The number of buyers backing out of purchases on new developments and losing their deposits in the process is creating a new headache for developers, reports the Spanish daily ‘El Pais’. As much as 15% of sales are unravelling say experts.

Some buyers are forced to back out because the bank will no longer lend them a mortgage, others because they have lost their jobs. But many are also backing out because they would prefer to lose as much as 20,000 Euros of deposit than a potentially much larger amount of equity as property prices plunge.

The problem of buyers backing out after signing a private-sale contract and paying a deposit is illustrated by the latest half-year results published by Acciona, a large listed Spanish developer.

Acciona booked more deposits – 16 million Euros – in the first quarter of the year than it did in the first half of the year, which it closed with deposits of just 13 million Euros. The reason being that many of the sales made in the first quarter of the year subsequently unravelled, with Acciona having to return deposits.

El Pais reports that several investors in a luxury new development in the centre of Bilbao, in the Basque Country (North Spain), have forgone deposits of between 19,000 and 20,000 Euros per flat after backing out of the purchase. As some investors committed to buy 10 flats, that means losses of close to 200,000 Euros.

Why the rush for the exit? “Our clients have heard that prices are going to fall, or are scared of being made redundant, and we don’t know how to convince them that buying now is a good investment,” one developer is quoted as saying.

“At least 15% of sales are falling through, and I think that is a conservative estimate,” another property expert explained.

Some developers are suffering more than others, explains the article.

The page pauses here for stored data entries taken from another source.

(* Let $q$ be a prime power. (i) If $C$ is an $[n,k,d]$ linear code over $\mathbb{F}_q$ whose Euclidean hull $C\cap C^{\perp_E}$ has dimension $l$, then there exists a set $T$ of $l$ coordinate positions such that the shortened code $C_T$ of $C$ on $T$ is a Euclidean LCD $[n-l,k-l,d']$ code with $d'\ge d$. (ii) If $C$ is an $[n,k,d]$ linear code over $\mathbb{F}_{q^2}$ whose Hermitian hull $C\cap C^{\perp_H}$ has dimension $l$, then there exists a set $T$ of $l$ coordinate positions such that the shortened code $C_T$ of $C$ on $T$ is a Hermitian LCD $[n-l,k-l,d']$ code with $d'\ge d$.
   Context: An $[n,k,d]$ linear code over a finite field $F$ is a $k$-dimensional subspace of $F^n$ with minimum nonzero Hamming weight $d$. Euclidean inner product on $\mathbb{F}_q^n$: $\langle x,y\rangle_E=\sum x_iy_i$; Hermitian inner product on $\mathbb{F}_{q^2}^n$: $\langle x,y\rangle_H=\sum x_iy_i^q$; $C^{\perp_E}$, $C^{\perp_H}$ are the corresponding dual codes. The (Euclidean/Hermitian) hull of $C$ is $C\cap C^{\perp}$; $C$ is (Euclidean/Hermitian) LCD if its hull is $\{0\}$. For a set $T$ of $t$ coordinate positions, let $C(T)$ be the subcode of codewords that are $0$ on all positions of $T$; the shortened code $C_T$ is obtained from $C(T)$ by deleting the coordinates in $T$, and has length $n-t$. *)

From HB Require Import structures.
From mathcomp Require Import all_boot all_order all_algebra.
Set Implicit Arguments. Unset Strict Implicit. Unset Printing Implicit Defensive.
Import GRing.Theory.
Local Open Scope ring_scope.

Section Codes.
Variable F : finFieldType.

Definition wt (n : nat) (x : 'rV[F]_n) : nat := #|[set i | x ord0 i != 0]|.

Definition min_dist_ge (n : nat) (C : {vspace 'rV[F]_n}) (d : nat) : Prop :=
  forall x, x \in C -> x != 0 -> (d <= wt x)%N.

Definition is_min_dist (n : nat) (C : {vspace 'rV[F]_n}) (d : nat) : Prop :=
  (exists2 x, (x \in C) && (x != 0) & wt x = d) /\ min_dist_ge C d.

Definition ipE (n : nat) (x y : 'rV[F]_n) : F := \sum_(i < n) x ord0 i * y ord0 i.
Definition ipH (q n : nat) (x y : 'rV[F]_n) : F :=
  \sum_(i < n) x ord0 i * (y ord0 i) ^+ q.

Definition dualE (n : nat) (C : {vspace 'rV[F]_n}) : {vspace 'rV[F]_n} :=
  <<enum [set y : 'rV[F]_n | [forall x : 'rV[F]_n, (x \in C) ==> (ipE x y == 0%R)]]>>%VS.
Definition dualH (q n : nat) (C : {vspace 'rV[F]_n}) : {vspace 'rV[F]_n} :=
  <<enum [set y : 'rV[F]_n | [forall x : 'rV[F]_n, (x \in C) ==> (ipH q x y == 0%R)]]>>%VS.

Definition hullE (n : nat) (C : {vspace 'rV[F]_n}) := (C :&: dualE C)%VS.
Definition hullH (q n : nat) (C : {vspace 'rV[F]_n}) := (C :&: dualH q C)%VS.

Definition LCD_E (n : nat) (C : {vspace 'rV[F]_n}) : Prop := hullE C = 0%VS.
Definition LCD_H (q n : nat) (C : {vspace 'rV[F]_n}) : Prop := hullH q C = 0%VS.

(* deleting the coordinates in T: keep the coordinates of ~: T, in increasing order *)
Definition delete (n : nat) (T : {set 'I_n}) (x : 'rV[F]_n) : 'rV[F]_#|~: T| :=
  \row_(j < #|~: T|) x ord0 (@enum_val _ (pred_of_set (~: T)) j).

Definition shortened (n : nat) (C : {vspace 'rV[F]_n}) (T : {set 'I_n})
  : {vspace 'rV[F]_#|~: T|} :=
  <<[seq delete T x | x <- enum [set x : 'rV[F]_n |
        (x \in C) && [forall i in T, x ord0 i == 0%R]]]>>%VS.

End Codes.

From HB Require Import structures.
From mathcomp Require Import all_boot all_order all_algebra all_field.
Set Implicit Arguments. Unset Strict Implicit. Unset Printing Implicit Defensive.
Import GRing.Theory.
Local Open Scope ring_scope.

(* Write H for the hull of C with respect to the form sum_i x_i s(y_i), where s is
   an involutive field automorphism (the identity, or a |-> a^q when |F| = q^2).
   Choose an information set T of H: a minimal set of positions on which no
   nonzero vector of H vanishes. Minimality makes restriction to T map H onto
   F^T, so |T| = dim H, and then C also restricts onto F^T; hence the subcode
   C(T) has dimension k - l, and deleting T is injective and weight-preserving
   on it. If z in C(T) is orthogonal to C(T), then for x in C pick h in H that
   agrees with x on T: x - h lies in C(T) and h is orthogonal to z, so x is
   orthogonal to z. Thus z lies in H and vanishes on T, so z = 0. *)

Section SpanOfSet.
Variables (F : finFieldType) (n : nat).

Lemma mem_span_enum_set (P : pred 'rV[F]_n) :
  P 0 -> (forall a u v, P u -> P v -> P (a *: u + v)) ->
  forall v, (v \in <<enum [set x | P x]>>%VS) = P v.
Proof.
move=> P0 PC v; apply/idP/idP => [vX | Pv]; last first.
  by apply: memv_span; rewrite mem_enum inE.
rewrite (coord_span (X := in_tuple _) vX); apply: (big_ind P) => //.
  by move=> u w Pu Pw; rewrite -[u]scale1r; apply: PC.
move=> i _; rewrite -[_ *: _]addr0; apply: PC => //.
by have := mem_nth 0 (ltn_ord i); rewrite mem_enum inE.
Qed.

Lemma span_enum_vspace (V : {vspace 'rV[F]_n}) : <<enum [set x | x \in V]>>%VS = V.
Proof.
apply/vspaceP => v; apply: mem_span_enum_set => [|a u w uV wV]; first exact: mem0v.
by rewrite memvD ?memvZ.
Qed.

End SpanOfSet.

Section Puncture.
Variables (F : finFieldType) (n : nat).
Implicit Types (T : {set 'I_n}) (x : 'rV[F]_n) (C H : {vspace 'rV[F]_n}).

Fact delete_is_linear T : linear (@delete F n T).
Proof. by move=> a x y; apply/rowP => j; rewrite !mxE. Qed.

HB.instance Definition _ T :=
  GRing.isLinear.Build F 'rV_n 'rV_#|~: T| _ (@delete F n T) (delete_is_linear T).

Definition puncture T : 'Hom('rV[F]_n, 'rV[F]_#|~: T|) := linfun (delete T).

Lemma punctureE T x : puncture T x = delete T x.
Proof. exact: lfunE. Qed.

Lemma delete_eq0 T x : (delete T x == 0) = [forall i in ~: T, x ord0 i == 0].
Proof.
apply/eqP/forall_inP => [/rowP x0 i iTc | x0]; last first.
  by apply/rowP => j; rewrite !mxE; apply/eqP/x0/enum_valP.
by have := x0 (enum_rank_in iTc i); rewrite !mxE enum_rankK_in // => ->.
Qed.

Lemma puncture_setC_eq0 T x :
  (puncture (~: T) x == 0) = [forall i in T, x ord0 i == 0].
Proof. by rewrite punctureE delete_eq0 setCK. Qed.

Lemma delete_setC_eq0 T x : delete (~: T) x = 0 -> delete T x = 0 -> x = 0.
Proof.
move=> /eqP; rewrite delete_eq0 setCK => /forall_inP xT.
move=> /eqP; rewrite delete_eq0 => /forall_inP xTc.
apply/rowP => i; rewrite mxE; apply/eqP.
by case: (boolP (i \in T)) => [/xT | iT] //; apply: xTc; rewrite inE.
Qed.

Lemma delete_setC_delta T (j : 'I_#|~: ~: T|) x :
  [forall k in T :\ enum_val j, x ord0 k == 0] ->
  delete (~: T) x = x ord0 (enum_val j) *: delta_mx 0 j.
Proof.
move=> /forall_inP x0; apply/rowP => k; rewrite !mxE /=.
have [-> | kj] := eqVneq k j; first by rewrite mulr1.
rewrite mulr0; apply/eqP/x0.
have kT : enum_val k \in T by have := enum_valP k; rewrite !inE negbK.
rewrite !inE kT andbT.
by apply: contra kj => /eqP/enum_val_inj ->.
Qed.

Lemma shortenedE C T :
  shortened C T = (puncture T @: (C :&: lker (puncture (~: T))))%VS.
Proof.
rewrite /shortened.
have -> : [set x | (x \in C) && [forall i in T, x ord0 i == 0]] =
           [set x | x \in C :&: lker (puncture (~: T))]%VS.
  by apply/setP => x; rewrite !inE memv_cap memv_ker puncture_setC_eq0.
by rewrite -(eq_map (@punctureE T)) -limg_span span_enum_vspace.
Qed.

Lemma dim_shortened C T :
  \dim (shortened C T) = (\dim C - \dim (puncture (~: T) @: C))%N.
Proof.
have K0 : (C :&: lker (puncture (~: T)) :&: lker (puncture T) = 0)%VS.
  apply/eqP; rewrite -subv0; apply/subvP => x.
  rewrite !memv_cap !memv_ker memv0 !punctureE => /andP [/andP [_ /eqP xT] /eqP xTc].
  by rewrite (delete_setC_eq0 xT xTc).
by rewrite shortenedE (limg_dim_eq K0) -(limg_ker_dim (puncture (~: T)) C) addnK.
Qed.

Lemma wt_delete T x : delete (~: T) x = 0 -> wt (delete T x) = wt x.
Proof.
move=> /eqP; rewrite delete_eq0 setCK => /forall_inP xT.
rewrite /wt -(card_imset _ enum_val_inj); apply: eq_card => i; rewrite inE.
apply/imsetP/idP => [[j] | xi0]; first by rewrite inE mxE => ? ->.
have iTc : i \in ~: T by rewrite inE; apply: contraNN xi0 => /xT.
by exists (enum_rank_in iTc i); rewrite ?inE ?mxE enum_rankK_in.
Qed.

Lemma min_dist_ge_shortened C T d :
  min_dist_ge C d -> min_dist_ge (shortened C T) d.
Proof.
move=> Cd y; rewrite shortenedE => /memv_imgP [x].
rewrite memv_cap memv_ker !punctureE => /andP [xC /eqP xT] -> y0.
by rewrite wt_delete // Cd //; apply: contraNneq y0 => ->; rewrite linear0.
Qed.

Lemma exists_information_set H :
  exists T, (H :&: lker (puncture (~: T)) = 0)%VS /\ (puncture (~: T) @: H = fullv)%VS.
Proof.
pose inj T := (H :&: lker (puncture (~: T)) == 0)%VS.
have [T /minsetP [/eqP injT minT] _] : {T | minset inj T & T \subset setT}.
  apply: minset_exists; rewrite /inj -subv0; apply/subvP => x.
  rewrite memv_cap memv_ker puncture_setC_eq0 memv0 => /andP [_ /forall_inP x0].
  by apply/eqP/rowP => i; rewrite mxE; apply/eqP/x0/in_setT.
exists T; split => //; apply/eqP; rewrite eqEsubv subvf /=.
apply/subvP => y _; rewrite (row_sum_delta y); apply: memv_suml => j _; apply: memvZ.
set i := enum_val j; have iT : i \in T by have := enum_valP j; rewrite !inE negbK.
have : ~~ inj (T :\ i).
  by apply/negP => /minT /(_ (subD1set T i)) /setP /(_ i); rewrite !inE eqxx iT.
(* By minimality some nonzero x in H vanishes on T :\ i; restricted to T it is
   a nonzero multiple of the unit vector at i. *)
rewrite /inj -vpick0; set x := vpick _ => x_neq0.
have /memv_capP [xH] : x \in (H :&: lker (puncture (~: (T :\ i))))%VS by apply: memv_pick.
rewrite memv_ker puncture_setC_eq0.
move=> /delete_setC_delta xTE.
have xi_neq0 : x ord0 i != 0.
  apply: contraNneq x_neq0 => xi0; rewrite -memv0 -injT memv_cap xH memv_ker.
  by rewrite /= punctureE xTE -/i xi0 scale0r.
by rewrite -[delta_mx _ _](scalerK xi_neq0) -xTE -punctureE memvZ ?memv_img.
Qed.

End Puncture.

Arguments puncture {F n} T.

Section SesquilinearForm.
Variables (F : finFieldType) (s : F -> F).
Hypotheses (sD : {morph s : a b / a + b}) (sM : {morph s : a b / a * b})
           (sK : involutive s).

Definition form n (x y : 'rV[F]_n) : F := \sum_(i < n) x ord0 i * s (y ord0 i).

Definition dual_form n (C : {vspace 'rV[F]_n}) : {vspace 'rV[F]_n} :=
  <<enum [set y | [forall x, (x \in C) ==> (form x y == 0%R)]]>>%VS.

Definition hull n (C : {vspace 'rV[F]_n}) : {vspace 'rV[F]_n} := (C :&: dual_form C)%VS.

Lemma s0 : s 0 = 0.
Proof. by apply: (@addrI _ (s 0)); rewrite -sD !addr0. Qed.

Lemma formDl n (u v y : 'rV[F]_n) : form (u + v) y = form u y + form v y.
Proof. by rewrite /form -big_split; apply: eq_bigr => i _; rewrite mxE mulrDl. Qed.

Lemma formZDr n (x u v : 'rV[F]_n) a : form x (a *: u + v) = s a * form x u + form x v.
Proof.
rewrite /form mulr_sumr -big_split; apply: eq_bigr => i _.
by rewrite !mxE sD sM mulrDr mulrCA.
Qed.

Lemma s_form n (x y : 'rV[F]_n) : s (form x y) = form y x.
Proof.
rewrite /form (big_morph s sD s0); apply: eq_bigr => i _.
by rewrite sM sK mulrC.
Qed.

Lemma form_eq0C n (x y : 'rV[F]_n) : form x y = 0 -> form y x = 0.
Proof. by move=> xy0; rewrite -s_form xy0 s0. Qed.

Lemma dual_formP n (C : {vspace 'rV[F]_n}) y :
  reflect (forall x, x \in C -> form x y = 0) (y \in dual_form C).
Proof.
rewrite mem_span_enum_set => [|{y}|{y} a u v /forall_inP Cu /forall_inP Cv].
- by apply: (iffP forall_inP) => Cy x xC; apply/eqP; apply: Cy.
- apply/forall_inP => x _; rewrite /form big1 // => i _.
  by rewrite mxE s0 mulr0.
- apply/forall_inP => x xC.
  by rewrite formZDr (eqP (Cu x xC)) (eqP (Cv x xC)) mulr0 addr0.
Qed.

Lemma form_delete n (T : {set 'I_n}) (x y : 'rV[F]_n) :
  delete (~: T) x = 0 -> form (delete T x) (delete T y) = form x y.
Proof.
move=> /eqP; rewrite delete_eq0 setCK => /forall_inP xT.
rewrite /form (bigID (mem (~: T))) /= [X in _ + X]big1 ?addr0; last first.
  by move=> i; rewrite inE negbK => /xT /eqP ->; rewrite mul0r.
rewrite (big_enum_val (fun i => x ord0 i * s (y ord0 i))).
by apply: eq_bigr => j _; rewrite !mxE.
Qed.

Lemma hull_shortened_eq0 n (C : {vspace 'rV[F]_n}) (T : {set 'I_n}) :
  (hull C :&: lker (puncture (~: T)))%VS = 0%VS ->
  (puncture (~: T) @: hull C)%VS = fullv ->
  hull (shortened C T) = 0%VS.
Proof.
move=> injT ontoT; apply/eqP; rewrite -subv0; apply/subvP => y.
case/memv_capP; rewrite {1}shortenedE => /memv_imgP [z].
rewrite memv_cap memv_ker => /andP [zC zT] -> zS.
suff zH : z \in hull C.
  have : z \in (hull C :&: lker (puncture (~: T)))%VS by rewrite memv_cap memv_ker zH.
  by rewrite injT !memv0 => /eqP ->; rewrite linear0.
rewrite memv_cap zC; apply/dual_formP => x xC.
have : puncture (~: T) x \in (puncture (~: T) @: hull C)%VS by rewrite ontoT memvf.
case/memv_imgP => h /memv_capP [hC /dual_formP hD] /eqP.
rewrite -subr_eq0 -linearB /= => xhT.
have xhS : puncture T (x - h) \in shortened C T.
  by rewrite shortenedE memv_img // memv_cap memv_ker xhT memvB.
rewrite -(subrK h x) formDl (form_eq0C (hD z zC)) addr0.
rewrite punctureE in xhT; rewrite -(form_delete _ (eqP xhT)) -!punctureE.
exact: (dual_formP _ _ zS).
Qed.

Lemma shortened_hull_LCD n (C : {vspace 'rV[F]_n}) d :
  min_dist_ge C d ->
  exists T : {set 'I_n},
    [/\ #|T| = \dim (hull C), #|~: T| = (n - \dim (hull C))%N,
        \dim (shortened C T) = (\dim C - \dim (hull C))%N,
        hull (shortened C T) = 0%VS & min_dist_ge (shortened C T) d].
Proof.
move=> Cd; have [T [injT ontoT]] := exists_information_set (hull C).
have cardT : #|T| = \dim (hull C).
  by rewrite -(limg_dim_eq injT) ontoT dimvf dim_matrix mul1r setCK.
have ontoC : (puncture (~: T) @: C)%VS = fullv.
  by apply/eqP; rewrite eqEsubv subvf -ontoT limgS ?capvSl.
exists T; split.
- exact: cardT.
- by rewrite -cardT; apply: (canRL (addKn _)); rewrite cardsC card_ord.
- by rewrite dim_shortened ontoC -ontoT (limg_dim_eq injT).
- exact: hull_shortened_eq0.
- exact: min_dist_ge_shortened.
Qed.

End SesquilinearForm.

Lemma expr_sqrt_card_conj (F : finFieldType) (q : nat) : #|F| = (q ^ 2)%N ->
  [/\ {morph (fun a : F => a ^+ q) : a b / a + b},
      {morph (fun a : F => a ^+ q) : a b / a * b} &
      involutive (fun a : F => a ^+ q)].
Proof.
move=> cardF; have [p p_pr pcharFp] := finPcharP F.
have qp : [pchar F].-nat q.
  have : p.-nat (q * q)%N.
    by rewrite mulnn -cardF (card_pprimeChar pcharFp) pnatX pnat_id ?orbT.
  rewrite pnatM andbb; apply: sub_in_pnat => r _; rewrite inE => /eqP ->; exact: pcharFp.
split=> [a b | a b | a] /=; first exact: exprDn_pchar.
  exact: exprMn.
by rewrite -exprM mulnn -cardF expf_card.
Qed.

Theorem theorem3p2 :
  (forall (F : finFieldType) (n k d l : nat) (C : {vspace 'rV[F]_n}),
     \dim C = k -> is_min_dist C d -> \dim (hullE C) = l ->
     exists T : {set 'I_n},
       [/\ #|T| = l, #|~: T| = (n - l)%N, \dim (shortened C T) = (k - l)%N,
           LCD_E (shortened C T) & min_dist_ge (shortened C T) d])
  /\
  (forall (F : finFieldType) (q n k d l : nat) (C : {vspace 'rV[F]_n}),
     #|F| = (q ^ 2)%N ->
     \dim C = k -> is_min_dist C d -> \dim (hullH q C) = l ->
     exists T : {set 'I_n},
       [/\ #|T| = l, #|~: T| = (n - l)%N, \dim (shortened C T) = (k - l)%N,
           LCD_H q (shortened C T) & min_dist_ge (shortened C T) d]).
Proof.
(* [dualE] and [dualH q] are [dual_form id] and [dual_form (fun a => a ^+ q)]
   up to conversion. *)
split=> [F n k d l C <- [_ Cd] <- | F q n k d l C cardF <- [_ Cd] <-].
  by apply: (shortened_hull_LCD (s := id)) Cd.
have [sD sM sK] := expr_sqrt_card_conj cardF.
exact: (shortened_hull_LCD sD sM sK Cd).
Qed.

Developers of holiday homes are suffering the most sales falling through, as people can live without holiday homes when the going gets tough. Developers selling cheap housing to first-time buyers and immigrants also have a problem.

Some developers are also now refusing to hand back any of the deposit, as liquidity problems make them cling onto any cash they can get their hands on.

Developers’ associations are placing all the blame on the banks for restricting the flow of cheap, easy credit.